How to check if values of 'column1' are within +-20% range of values of 'column2' using Amazon Deequ?

877 Views Asked by At

So, I'm using Amazon Deequ in spark, and I have a dataframe 'df' with two columns being of type 'Long' or numeric. I simply want to check:

value(column1) lies between value(column2)-20% and value(column2)+20% for all rows

I'm not sure what check to put here:

val verificationResult: VerificationResult = { VerificationSuite()
  .onData(df)
  .addCheck(
    Check(CheckLevel.Error, "Review Check")
      //.funtionToCheckThis()
    )
  .run()
1

There are 1 best solutions below

4
On BEST ANSWER

Check has a method satisfies which can take a column expression as condition parameter.

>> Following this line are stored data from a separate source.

(* In the setting described in the context, for every $j$ with $1\leqslant j\leqslant n-1$, the set of points $\{p_J : J \text{ an ordered subset of } \{1,\ldots,|L|\},\ |J|=j\}$ is contained in an $|L|^{j}$ grid of $\pi_{j+1}$.
   Context: Let ${\mathbb K}$ be a field, $n\geqslant 2$, and consider $\mathrm{PG}_n({\mathbb K})$. For two non-intersecting subspaces $x,y$, $x\oplus y$ denotes their span. Fix points $x_0,\ldots,x_n$ in general position and put $\Sigma_i=x_0\oplus\cdots\oplus x_i$, $\pi_i=x_1\oplus\cdots\oplus x_i$ for $i=1,\ldots,n$. For $i=3,\ldots,n$ let $y_i$ be a point on the line $x_{i-1}\oplus x_i$ different from $x_{i-1}$ and $x_i$. Let $L$ be a finite set of lines of the plane $\Sigma_2$ meeting the line $\pi_2$ in pairwise distinct points, all different from $x_2$. Label them $\ell_{\{1\}},\ldots,\ell_{\{|L|\}}$ and put $p_{\{i\}}=\ell_{\{i\}}\cap\pi_2$. An ordered subset $J$ of $\{1,\ldots,|L|\}$ is a sequence of distinct elements; for $|J|\geqslant2$ write $J=(\ldots,b,a)$ ($a$ last, $b$ second-to-last) and let $J\setminus\{a\}$, $J\setminus\{b\}$ be obtained by deleting $a$, resp. $b$, keeping the order. For $2\leqslant|J|\leqslant n-1$ define recursively $p_J=(x_{|J|+1}\oplus p_{J\setminus\{a\}})\cap(y_{|J|+1}\oplus p_{J\setminus\{b\}})$, a point of $\pi_{|J|+1}$. A $N^{k}$ grid in a $k$-dimensional projective space $\mathrm{PG}_k({\mathbb K})$ is a point set which, with respect to a suitable basis of the underlying vector space, has the form $\{\langle(a_1,\ldots,a_k,1)\rangle : a_i\in A_i\}$, where each $A_i\subseteq{\mathbb K}$ has size $N$; here $\pi_{j+1}$ is regarded as $\mathrm{PG}_j({\mathbb K})$. *)

From HB Require Import structures.
From mathcomp Require Import all_boot all_order all_algebra.
Set Implicit Arguments. Unset Strict Implicit. Unset Printing Implicit Defensive.
Import GRing.Theory.
Local Open Scope ring_scope.

(* Model of PG_n(K): points/subspaces of PG_n(K) are row spaces (mxalgebra)
   of K^(n+1) = 'rV[K]_n.+1.  A point is the row space of a nonzero vector. *)

Definition pi_sp (K : fieldType) (n : nat) (x : nat -> 'rV[K]_n.+1) (k : nat)
  : 'M[K]_n.+1 := (\sum_(1 <= i < k.+1) <<x i>>)%MS.

Definition Sigma_sp (K : fieldType) (n : nat) (x : nat -> 'rV[K]_n.+1) (k : nat)
  : 'M[K]_n.+1 := (\sum_(0 <= i < k.+1) <<x i>>)%MS.

(* p_J, by recursion on k = |J|.  For J = (..., b, a) of size k >= 2:
   J \ {a} = take (k-1) J,   J \ {b} = take (k-2) J ++ drop (k-1) J,
   p_J = (x_{k+1} (+) p_{J\{a}}) /\ (y_{k+1} (+) p_{J\{b}}). *)
Fixpoint pJ_rec (K : fieldType) (n m : nat) (x y : nat -> 'rV[K]_n.+1)
  (l : 'I_m -> 'M[K]_n.+1) (k : nat) (J : seq 'I_m) : 'M[K]_n.+1 :=
  match k with
  | 0 => 0
  | k'.+1 =>
    if k' is 0 then
      (match J with [:: i] => (l i :&: pi_sp x 2)%MS | _ => 0 end)
    else
      ((x k.+1 + pJ_rec x y l k' (take k' J)) :&:
       (y k.+1 + pJ_rec x y l k' (take k'.-1 J ++ drop k' J)))%MS
  end.

Definition pJ (K : fieldType) (n m : nat) (x y : nat -> 'rV[K]_n.+1)
  (l : 'I_m -> 'M[K]_n.+1) (J : seq 'I_m) : 'M[K]_n.+1 :=
  pJ_rec x y l (size J) J.

(* In the basis x_0, ..., x_n the data normalise to y_i = x_{i-1} + t_i x_i with
   t_i != 0, and l_i meets pi_2 in x_1 + c_i x_2 with the c_i pairwise distinct.
   By induction on k = |J|,
     p_J = x_1 + sum_{u<k} s_u (g_u - g_{u-1}) x_{u+2},
   where g_u = c_{J_u}, g_{-1} = 0 and s_u = (-t_3) ... (-t_{u+2}): the points
   p_{J\{a}} and p_{J\{b}} differ by a multiple d x_k, so the lines joining them to
   x_{k+1} and to y_{k+1} meet in p_{J\{a}} - t_{k+1} d x_{k+1}.  This expression is
   affine in (g_0, ..., g_{k-1}), each g_u ranging over {c_1, ..., c_|L|}, and the
   vectors it involves are triangular in x_1, ..., x_{k+1}, hence a basis of
   pi_{k+1} in which every p_J is a grid point. *)

From HB Require Import structures.
From mathcomp Require Import all_boot all_order all_algebra.
From mathcomp Require Import zify ring.
Set Implicit Arguments. Unset Strict Implicit. Unset Printing Implicit Defensive.
Import GRing.Theory.
Local Open Scope ring_scope.

Lemma nth_take_drop (T : Type) (x0 : T) (s : seq T) k u : (k < size s)%N ->
  nth x0 (take k s ++ drop k.+1 s) u = nth x0 s (if (u < k)%N then u else u.+1).
Proof.
move=> ks; rewrite nth_cat size_take ks; case: ltnP => uk; first exact: nth_take.
by rewrite nth_drop; congr nth; lia.
Qed.

Section Lines.
Variables (K : fieldType) (n : nat).
Implicit Types (a b w : 'rV[K]_n).

Lemma sub_adds_rV w a b : (w <= a + b)%MS -> exists l r, w = l *: a + r *: b.
Proof.
case/sub_addsmxP => u ->; exists (u.1 0 0), (u.2 0 0).
by rewrite {1}[u.1]mx11_scalar {1}[u.2]mx11_scalar !mul_scalar_mx.
Qed.

Lemma line_point_normal w a b : (w <= a + b)%MS -> ~~ (w <= b)%MS ->
  exists t, (w == (a + t *: b)%R)%MS.
Proof.
move=> /sub_adds_rV[l [r ->]] wb.
have l0 : l != 0 by apply: contraNneq wb => ->; rewrite scale0r add0r scalemx_sub.
exists (r / l); have -> : a + (r / l) *: b = l^-1 *: (l *: a + r *: b).
  by rewrite scalerDr !scalerA mulVf // scale1r mulrC.
by apply/eqmxP; apply: eqmx_sym; apply: eqmx_scale; rewrite invr_neq0.
Qed.

Lemma line_point_normal_neq0 w a b : (w <= a + b)%MS -> ~~ (w <= a)%MS -> ~~ (w <= b)%MS ->
  exists2 t, t != 0 & (w == (a + t *: b)%R)%MS.
Proof.
move=> wab wa wb; have [t wE] := line_point_normal wab wb; exists t => //.
by apply: contraNneq wa => t0; rewrite (eqmxP wE) t0 scale0r addr0.
Qed.

Lemma rank1_eqmx_rV m (B : 'M[K]_(m, n)) : \rank B = 1%N -> exists v : 'rV_n, (v == B)%MS.
Proof.
move=> rB; have : B != 0 by rewrite -mxrank_eq0 rB.
case/rowV0Pn => v vB v0; exists v.
by rewrite -(mxrank_leqif_eq vB).2 rB rank_rV v0.
Qed.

To check whether column1 is between -20%column2 and +20%column2, you can use expression like:

|column1 - column2| < 0.20*column2

or column1 between 0.80*column2 and 1.20*column2:

val verificationResult: VerificationResult = {
  VerificationSuite()
    .onData(df)
    .addCheck(
      Check(CheckLevel.Error, "Review Check")
        .satisfies(
          "abs(column1 - column2) <= 0.20 * column2",
          "value(column1) lies between value(column2)-20% and value(column2)+20%"
        )
    ).run()
}